In security analysis, there are more than 130 rules that fish out known-suspicious data. This is great, but the bad guys also know this, they invented the known-suspicious. That’s why looking at only these 130-something points in data is not enough, malicious people know how to hide their activity. At first, attacks were mostly happening on Friday at 2:00 PM, because the attackers knew the security admin was out having lunch and he wasn’t going to be back until Monday. They had the entire weekend to hide their activity. Later on, when we caught on to this attack schedule, the attacks shifted from Friday to Wednesday midday, where there is so much network traffic going on that the attackers can hide inside the white-noise of activity. We have to look everywhere and analyze everything if we want to catch these attempts. But this is not easy to manage since humans can’t be expected to detect these while staring at a monitor.

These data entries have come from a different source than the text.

(* Let $\Delta$ be a finite set with $|\Delta|\ge2$, $\ell\ge2$, $\Omega=\Delta^\ell$, $W=\mathrm{Sym}\,\Delta\wr S_\ell$ in product action on $\Omega$, $G\le W$, and let $M$ be a minimal normal subgroup of $G$ transitive on $\Omega$, $M=T_1\times\cdots\times T_k$ with the $T_i$ isomorphic finite simple groups. Let $\Gamma$ be a connected graph with vertex set $\Omega$ with $G\le\mathrm{Aut}\,\Gamma$. Assume $\Gamma$ is $M$-arc-transitive, that $G\pi$ is transitive on $\{1,\dots,\ell\}$, and that $G\le G^{(1)}\wr(G\pi)$. Let $\alpha=(\alpha_1,\dots,\alpha_1)\in\Omega$, $\beta=(\beta_1,\dots,\beta_\ell)\in\Gamma(\alpha)$, and $K=G^{(1)}$. Then there is $h\in(K_{\alpha_1})^\ell$ with $\beta h=(\beta_1,\dots,\beta_1)$. Thus in the image graph $\Gamma h$ the tuples $(\alpha_1,\dots,\alpha_1)$ and $(\beta_1,\dots,\beta_1)$ are adjacent. Furthermore $G^h\le\mathrm{Aut}(\Gamma h)$ and $G^h\le G^{(1)}\wr(G\pi)$.
   Context: Product action: $(\delta_1,\dots,\delta_\ell)^{(g_1,\dots,g_\ell)h}=(\delta_{1h^{-1}}g_{1h^{-1}},\dots,\delta_{\ell h^{-1}}g_{\ell h^{-1}})$. $\pi:W\to S_\ell$ is the natural projection. For $j$, $W_j$ is the stabiliser of $j$ under $\pi$, $W_j=\mathrm{Sym}\,\Delta\times(\mathrm{Sym}\,\Delta\wr S_{\ell-1})$ with the first factor on the $j$-th coordinate, and the component $G^{(j)}\le\mathrm{Sym}\,\Delta$ is the projection of $G\cap W_j$ onto the first factor. $G^{(1)}\wr(G\pi)$ denotes the subgroup $(G^{(1)})^\ell\rtimes G\pi$ of $W$. $K_{\alpha_1}$ is the stabiliser of $\alpha_1$ in $K$; $(K_{\alpha_1})^\ell\le(\mathrm{Sym}\,\Delta)^\ell$ acts coordinatewise. $\Gamma h$ is the graph on $\Omega$ whose edges are $\{xh,yh\}$ for edges $\{x,y\}$ of $\Gamma$. $\Gamma$ is $M$-arc-transitive if $M$ is transitive on ordered pairs of adjacent vertices; $\Gamma(\alpha)$ is the neighbourhood of $\alpha$. *)

From HB Require Import structures.
From mathcomp Require Import all_boot all_fingroup all_solvable.
Set Implicit Arguments. Unset Strict Implicit. Unset Printing Implicit Defensive.

(* Omega = Delta^l, tuples indexed by 'I_l.  Permutations compose as right
   actions in MathComp: (s * t) x = t (s x), matching the paper. *)
Notation Omega D l := {ffun 'I_l -> D}.

Local Open Scope group_scope.
Section Wreath.
Variables (D : finType) (l : nat).

Definition prod_act (g : {ffun 'I_l -> {perm D}}) (h : {perm 'I_l})
  (d : Omega D l) : Omega D l :=
  [ffun i => g (h^-1 i) (d (h^-1 i))].

Lemma prod_act_inj g h : injective (prod_act g h).
Proof.
move=> x y /ffunP E; apply/ffunP => j; have := E (h j).
by rewrite !ffunE permK => /perm_inj.
Qed.

Definition wr_perm g h : {perm Omega D l} := perm (@prod_act_inj g h).

Definition W : {set {perm Omega D l}} :=
  [set wr_perm gh.1 gh.2 | gh in [set: {ffun 'I_l -> {perm D}} * {perm 'I_l}]].

(* natural projection pi : W -> S_l (well defined on W when #|D| >= 2) *)
Definition piW (p : {perm Omega D l}) : {perm 'I_l} :=
  odflt 1 [pick h : {perm 'I_l} | [exists g, p == wr_perm g h]].

(* component G^(j): projection onto the j-th factor of G \cap W_j *)
Definition component (G : {set {perm Omega D l}}) (j : 'I_l) : {set {perm D}} :=
  [set x : {perm D} | [exists p in G, exists g, exists h,
     [&& p == wr_perm g h, h j == j & g j == x]]].

Definition wrS (K : {set {perm D}}) (H : {set {perm 'I_l}}) :
  {set {perm Omega D l}} :=
  [set wr_perm gh.1 gh.2 | gh in [set gh : {ffun 'I_l -> {perm D}} * {perm 'I_l}
     | [forall i, gh.1 i \in K] && (gh.2 \in H)]].

End Wreath.
Arguments piW {D l} p.
Arguments component {D l} G j.
Arguments wrS {D l} K H.
Arguments wr_perm {D l} g h.
Arguments W D l : clear implicits.

Definition ord_first (l : nat) (h : 0 < l) : 'I_l := Ordinal h.

Section Graphs.
Variable V : finType.
Definition simple_graph (E : rel V) := symmetric E /\ irreflexive E.
Definition connected (E : rel V) := forall x y, connect E x y.
Definition autG (E : rel V) : {set {perm V}} :=
  [set p : {perm V} | [forall x, forall y, E (p x) (p y) == E x y]].
Definition arc_transitive (M : {set {perm V}}) (E : rel V) :=
  forall x y x' y', E x y -> E x' y' -> exists2 m, m \in M & m x = x' /\ m y = y'.
Definition image_graph (E : rel V) (h : {perm V}) : rel V :=
  fun x y => [exists u, exists v, [&& E u v, x == h u & y == h v]].
End Graphs.

From mathcomp Require Import all_boot all_fingroup all_solvable.
Set Implicit Arguments. Unset Strict Implicit. Unset Printing Implicit Defensive.
Local Open Scope group_scope.

(* M is transitive on Delta^l, so |Delta|^l divides |M|; if M met the kernel
   of pi trivially it would embed in S_l, but for a prime p dividing |Delta|
   the p-part of l! is smaller than p^l (Legendre).  Minimality of M then
   forces M into the base group, so its elements act coordinatewise.  Given
   a coordinate i, pick g in G whose projection maps i to 1 and correct it by
   an element of M mapping (alpha, beta g) back to (alpha, beta): the resulting
   element of G fixes alpha and beta, and its coordinate at i lies in
   K_{alpha_1} and maps beta_i to beta_1.  Conjugating by the coordinatewise
   product h of these maps preserves G^(1) wr (G pi), which contains h. *)

Lemma sum_divn_exp_le p n m : 1 < p ->
  \sum_(1 <= k < m.+1) n %/ p ^ k + n %/ p ^ m <= n.
Proof.
move=> p_gt1; elim: m => [|m IHm]; first by rewrite big_geq // expn0 divn1.
rewrite big_nat_recr //= -addnA; apply: leq_trans IHm; rewrite leq_add2l.
rewrite expnSr divnMA addnn -muln2; apply: leq_trans (leq_divM _ p).
by rewrite leq_mul2l p_gt1 orbT.
Qed.

Lemma logn_fact_lt p n : prime p -> 0 < n -> logn p n`! < n.
Proof.
move=> p_pr n_gt0; have p_gt1 := prime_gt1 p_pr; set m := trunc_log p n.
have pm_le_n : p ^ m <= n by apply: trunc_logP.
have m_le_n : m <= n by apply: leq_trans pm_le_n; apply/ltnW/ltn_expl.
have tail0 : \sum_(m.+1 <= k < n.+1) n %/ p ^ k = 0.
  rewrite big_nat_cond big1 // => k /andP[/andP[lt_mk _] _].
  apply/divn_small/(leq_trans (trunc_log_ltn n p_gt1)).
  by rewrite leq_pexp2l // ltnW.
have top_gt0 : 0 < n %/ p ^ m by rewrite divn_gt0 ?expn_gt0 ?(ltnW p_gt1).
rewrite logn_fact // (big_cat_nat (n := m.+1)) //= ?ltnS // tail0 addn0.
apply: leq_trans (sum_divn_exp_le n m p_gt1).
by rewrite -[X in X < _]addn0 ltn_add2l.
Qed.

Lemma image_graphE (V : finType) (E : rel V) (h : {perm V}) u v :
  image_graph E h u v = E (h^-1 u) (h^-1 v).
Proof.
apply/existsP/idP => [[u' /existsP[v' /and3P[e /eqP -> /eqP ->]]]|e].
  by rewrite !permK.
by exists (h^-1 u); apply/existsP; exists (h^-1 v); rewrite e !permKV !eqxx.
Qed.

Lemma autG_image_graph (V : finType) (E : rel V) (h : {perm V}) :
  autG E :^ h \subset autG (image_graph E h).
Proof.
apply/subsetP => z; rewrite mem_conjg !inE => /forallP autz.
apply/forallP => u; apply/forallP => v; have /forallP/(_ (h^-1 v)) := autz (h^-1 u).
by rewrite !image_graphE !conjgE invgK !permM !permKV.
Qed.

Section WreathProduct.
Variables (D : finType) (l : nat).
Implicit Types (g : {ffun 'I_l -> {perm D}}) (h : {perm 'I_l}) (d : Omega D l).

Lemma wr_permE g h d i : wr_perm g h d i = g (h^-1 i) (d (h^-1 i)).
Proof. by rewrite /wr_perm permE /prod_act ffunE. Qed.

Lemma wr_permE_perm g h d j : wr_perm g h d (h j) = g j (d j).
Proof. by rewrite wr_permE permK. Qed.

Lemma wr_permM g h g' h' :
  wr_perm g h * wr_perm g' h' = wr_perm [ffun j => g j * g' (h j)] (h * h').
Proof.
apply/permP => d; apply/ffunP => i; rewrite permM -(permKV (h * h') i).
by rewrite wr_permE_perm ffunE [in LHS]permM !wr_permE_perm permM.
Qed.

Lemma wr_perm1 : wr_perm [ffun=> 1] 1 = 1 :> {perm Omega D l}.
Proof. by apply/permP => d; apply/ffunP => i; rewrite wr_permE !ffunE invg1 !perm1. Qed.

Lemma mem_wr_perm_W g h : wr_perm g h \in W D l.
Proof. by apply/imsetP; exists (g, h); rewrite ?inE. Qed.

Lemma W_group_set : group_set (W D l).
Proof.
apply/group_setP; split; first by rewrite -wr_perm1 mem_wr_perm_W.
by move=> _ _ /imsetP[[g h] _ ->] /imsetP[[g' h'] _ ->]; rewrite wr_permM mem_wr_perm_W.
Qed.

Canonical W_group := Group W_group_set.

Lemma component_group_set (G : {group {perm Omega D l}}) j :
  group_set (component G j).
Proof.
apply/group_setP; split.
  rewrite inE; apply/exists_inP; exists 1; rewrite ?group1 //.
  apply/existsP; exists [ffun=> 1].
  by apply/existsP; exists 1; rewrite wr_perm1 perm1 ffunE !eqxx.
move=> a b; rewrite !inE.
case/exists_inP=> p pG /existsP[ga /existsP[ha /and3P[/eqP def_p /eqP haj /eqP <-]]].
case/exists_inP=> q qG /existsP[gb /existsP[hb /and3P[/eqP def_q /eqP hbj /eqP <-]]].
apply/exists_inP; exists (p * q); first exact: groupM.
apply/existsP; exists [ffun k => ga k * gb (ha k)]; apply/existsP; exists (ha * hb).
by rewrite def_p def_q wr_permM permM haj hbj ffunE haj !eqxx.
Qed.

Canonical component_group G j := Group (component_group_set G j).

Lemma wrS_group_set (K : {group {perm D}}) (H : {group {perm 'I_l}}) :
  group_set (wrS K H).
Proof.
apply/group_setP; split.
  rewrite -wr_perm1; apply/imsetP; exists ([ffun=> 1], 1); rewrite // inE group1 andbT.
  by apply/forallP => i; rewrite ffunE group1.
move=> x y /imsetP[[g h] /[!inE] /andP[/forallP /= gK hH] ->].
move=> /imsetP[[g' h'] /[!inE] /andP[/forallP /= g'K h'H] ->].
rewrite wr_permM; apply/imsetP; exists ([ffun j => g j * g' (h j)], h * h') => //.
by rewrite inE groupM // andbT; apply/forallP => j; rewrite ffunE groupM.
Qed.

Canonical wrS_group K H := Group (wrS_group_set K H).

Section NontrivialDelta.
Hypothesis D_gt1 : 1 < #|D|.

So, Respond Software came up with the idea of “Teaching Math to do analytics.” The computer is capable of handling vast amounts of data very fast, but it lacks what we humans do best: intuition and imagination. When we apply our knowledge in statistics and how to read these statistics, computers become able to understand the context and act according to the situation. Bayesian probability helps with the prediction, conditional probability contextualizes the issue, graphical modeling relates causality and finally, machine learning learns and informs action. This approach essentially slices the world in millions of possible states and segments, while the machines analyze all of these to smoke out malicious activity.
When we apply probabilistic math as a “Single Mathematical Framework for Decisions” we get a very consistent set of rules, which can be applied in very high accuracy. Measurability is also achieved as the machine now can analyze the information for value, risk and possible points of improvement.
Overall, this event shows that the struggle between cybersecurity and malicious activity will become even more advanced as the technology evolves. Our capability to defend ourselves grow, but so do the ways to attack. We need the advancements in AI technology to help fill in the gaps in our defense, as this is becoming to be more than what humans are naturally able to handle. Everyone from giant companies to startups, even governments have concerns on how to create a secure environment to help promote advancement in this field but the laws and regulations need more time to catch up. In the meantime, the best we can do is to invest in our security measures and be proactive.